On Tuesday, June 10, the City of Santa Monica filed its latest salvo in its continuing battle with the Federal Aviation Administration (FAA) over the ordinance banning larger, faster Category C and D aircraft at Santa Monica Airport (SMO).
The FAA had gone to Federal District Court in Los Angeles and obtained a preliminary injunction against enforcement of the ordinance on May 16, requiring SMO to permit Category C and D aircraft to use the Airport for the duration of the FAA’s suit against the City. On May 22, the City appealed that ruling to the U.S. Court of Appeals for the Ninth Circuit, sitting in San Francisco, and applied to the Ninth Circuit for an order staying the preliminary injunction so as to permit immediate enforcement of the ordinance.
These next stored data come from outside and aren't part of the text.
(* With s = F(h), u = F(m), v = F(m \/ h): the paper's formulas for w* and r* on
   R_b /\ K^c /\ R_m, after clearing the denominators n(m) n(h) - 1. *)
Lemma wage_Rm_closed_form c s u v : 0 < c < 1 -> 0 < s < 1 -> 0 <= u < 1 ->
  (v - u) / (c * (1 - u)) - / (c * (1 - u)) * / (c * (1 - s)) *
    ((v - u) / (c * (1 - u)) - (v - u * (c * (1 - s)))) / (/ (c * (1 - u)) * / (c * (1 - s)) - 1)
  = v * (1 - c * (1 - s)) / (1 - c * (c * (1 - s)) * (1 - u)).
Proof.
  intros Hc Hs Hu; assert (L := prod_lt1 c s u Hc Hs Hu).
  assert (N := inv_prod_minus1_neq0 c s u Hc Hs Hu).
  field; repeat split; auto; nra.
Qed.

Lemma rent_Rm_closed_form c s u v : 0 < c < 1 -> 0 < s < 1 -> 0 <= u < 1 ->
  u + / (c * (1 - s)) *
    ((v - u) / (c * (1 - u)) - (v - u * (c * (1 - s)))) / (/ (c * (1 - u)) * / (c * (1 - s)) - 1)
  = v * (1 - c * (1 - u)) / (1 - c * (c * (1 - s)) * (1 - u)).
Proof.
  intros Hc Hs Hu; assert (L := prod_lt1 c s u Hc Hs Hu).
  assert (N := inv_prod_minus1_neq0 c s u Hc Hs Hu).
  field; repeat split; auto; nra.
Qed.

Lemma vee_ge m h : fst h <= fst m -> snd h <= snd m -> vee m h = m.
Proof. intros A B; unfold vee; rewrite !Rmax_left by lra; destruct m; auto. Qed.

Lemma coord_vee i m h : coord i (vee m h) = Rmax (coord i m) (coord i h).
Proof. destruct i; auto. Qed.

Lemma coord_other_vee i m h :
  coord (other i) (vee m h) = Rmax (coord (other i) m) (coord (other i) h).
Proof. destruct i; auto. Qed.

Lemma vee_shift_below i m h t : coord i m + t < coord i h -> coord i m < coord i h ->
  vee (shift i m t) h = vee m h.
Proof. intros A B; destruct i; unfold vee, shift; simpl in *; f_equal; rewrite !Rmax_right; lra. Qed.
(* Let $L:\mathcal{B}\to\mathcal{A}$ be left adjoint to $R:\mathcal{A}\to\mathcal{B}$ with unit $\eta$ and counit $\epsilon$, and let $R_1:\mathcal{A}\to\mathcal{B}_1$ be the comparison functor. 1) If $R$ is separable, then $R_1$ is full and faithful. 2) Suppose $R_1$ has a left adjoint $L_1$. If $(L,\epsilon L)$ is relatively projective as a right module functor on $(RL,R\epsilon L,\eta)$, then $L_1$ is full and faithful. 3) Suppose $R_1$ has a left adjoint $L_1$. If $R$ is separable, then $R$ is monadic.
   Context: $\mathcal{B}_1$ is the Eilenberg–Moore category of the monad $(RL,R\epsilon L,\eta)$ and $R_1Y=(RY,R\epsilon Y)$, $R_1f=Rf$. $R$ is monadic if $R_1$ is an equivalence. For a right adjoint $R$, $R$ is separable iff there is a natural transformation $\sigma:\mathrm{Id}_{\mathcal{A}}\to LR$ with $\epsilon\circ\sigma=\mathrm{Id}$. Given a monad $(Q,m,u)$ on $\mathcal{B}$, a right module functor is a pair $(W,\mu)$ with $W:\mathcal{B}\to\mathcal{A}$ and $\mu:WQ\to W$ natural, $\mu\circ\mu Q=\mu\circ Wm$, $\mu\circ Wu=\mathrm{Id}_W$; it is relatively projective if there is a natural $\gamma:W\to WQ$ with $\mu\circ\gamma=\mathrm{Id}_W$ and $Wm\circ\gamma Q=\gamma\circ\mu$. $(L,\epsilon L)$ is a right module functor on $(RL,R\epsilon L,\eta)$. *)

From Stdlib Require Import ProofIrrelevance.

Set Implicit Arguments.

Record Category := {
  Ob :> Type;
  Hom : Ob -> Ob -> Type;
  idm : forall a, Hom a a;
  comp : forall x y z, Hom y z -> Hom x y -> Hom x z;
  comp_id_l : forall a b (f : Hom a b), comp (idm b) f = f;
  comp_id_r : forall a b (f : Hom a b), comp f (idm a) = f;
  comp_assoc : forall a b c d (f : Hom c d) (g : Hom b c) (h : Hom a b),
      comp f (comp g h) = comp (comp f g) h
}.
Arguments Hom {c} _ _ : rename.
Arguments idm {c} a : rename.
Arguments comp {c x y z} _ _ : rename.
Notation "g ∘ f" := (comp g f) (at level 40, left associativity).

Record Functor (C D : Category) := {
  fobj :> C -> D;
  fmap : forall a b, @Hom C a b -> @Hom D (fobj a) (fobj b);
  fmap_id : forall a, fmap a a (idm a) = idm (fobj a);
  fmap_comp : forall a b c (g : @Hom C b c) (f : @Hom C a b),
      fmap a c (g ∘ f) = fmap b c g ∘ fmap a b f
}.
Arguments fmap {C D} F {a b} _ : rename.

Definition Fcomp (C D E : Category) (G : Functor D E) (F : Functor C D)
  : Functor C E.
Proof.
  refine {| fobj := fun X => G (F X);
            fmap := fun a b f => fmap G (fmap F f) |}.
  - intros a. rewrite !fmap_id. reflexivity.
  - intros a b c g f. rewrite !fmap_comp. reflexivity.
Defined.

Record is_adjunction (A B : Category) (L : Functor B A) (R : Functor A B)
    (eta : forall Y : B, @Hom B Y (R (L Y)))
    (eps : forall X : A, @Hom A (L (R X)) X) : Prop := {
  eta_nat : forall Y Y' (f : @Hom B Y Y'),
      fmap R (fmap L f) ∘ eta Y = eta Y' ∘ f;
  eps_nat : forall X X' (g : @Hom A X X'),
      g ∘ eps X = eps X' ∘ fmap L (fmap R g);
  tri_L : forall Y, eps (L Y) ∘ fmap L (eta Y) = idm (L Y);
  tri_R : forall X, fmap R (eps X) ∘ eta (R X) = idm (R X)
}.

Definition fully_faithful (C D : Category) (F : Functor C D) : Prop :=
  forall a b : C,
    (forall f g : @Hom C a b, fmap F f = fmap F g -> f = g) /\
    (forall h : @Hom D (F a) (F b), exists f, fmap F f = h).

Definition is_equivalence (C D : Category) (F : Functor C D) : Prop :=
  exists (G : Functor D C)
         (al : forall X : C, @Hom C (G (F X)) X)
         (al' : forall X : C, @Hom C X (G (F X)))
         (be : forall Y : D, @Hom D (F (G Y)) Y)
         (be' : forall Y : D, @Hom D Y (F (G Y))),
    (forall X X' (f : @Hom C X X'), f ∘ al X = al X' ∘ fmap G (fmap F f)) /\
    (forall X, al X ∘ al' X = idm X /\ al' X ∘ al X = idm (G (F X))) /\
    (forall Y Y' (g : @Hom D Y Y'), g ∘ be Y = be Y' ∘ fmap F (fmap G g)) /\
    (forall Y, be Y ∘ be' Y = idm Y /\ be' Y ∘ be Y = idm (F (G Y))).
On June 3, the FAA filed written opposition to the City’s application for the stay, and on June 10 the City filed its written reply to that opposition. The Ninth Circuit will rule on the stay application on the basis of these written submissions, but there is no fixed schedule for a ruling on stay applications.
Whether the stay application is granted or not, the City’s appeal from the preliminary injunction will go forward through formal briefing and oral argument before the Ninth Circuit rules on the merits of the case. The anticipated ruling on the stay application will only determine whether the City’s ordinance can be enforced while the litigation is pending.
The FAA asserts that the City did not have the legal authority to adopt the ordinance prohibiting the use of SMO by category C and D aircraft. Among other things, it references a grant for airport improvement projects accepted by the City in 1994; the grant requires the City to operate the property for 20 years, until 2014. The City received a payment in 2003 at the conclusion of the projects funded by the 1994 grant. The City Attorney’s office argues that this was not a new grant and does not extend the City’s obligations to operate the Airport until 2023 as asserted by the FAA.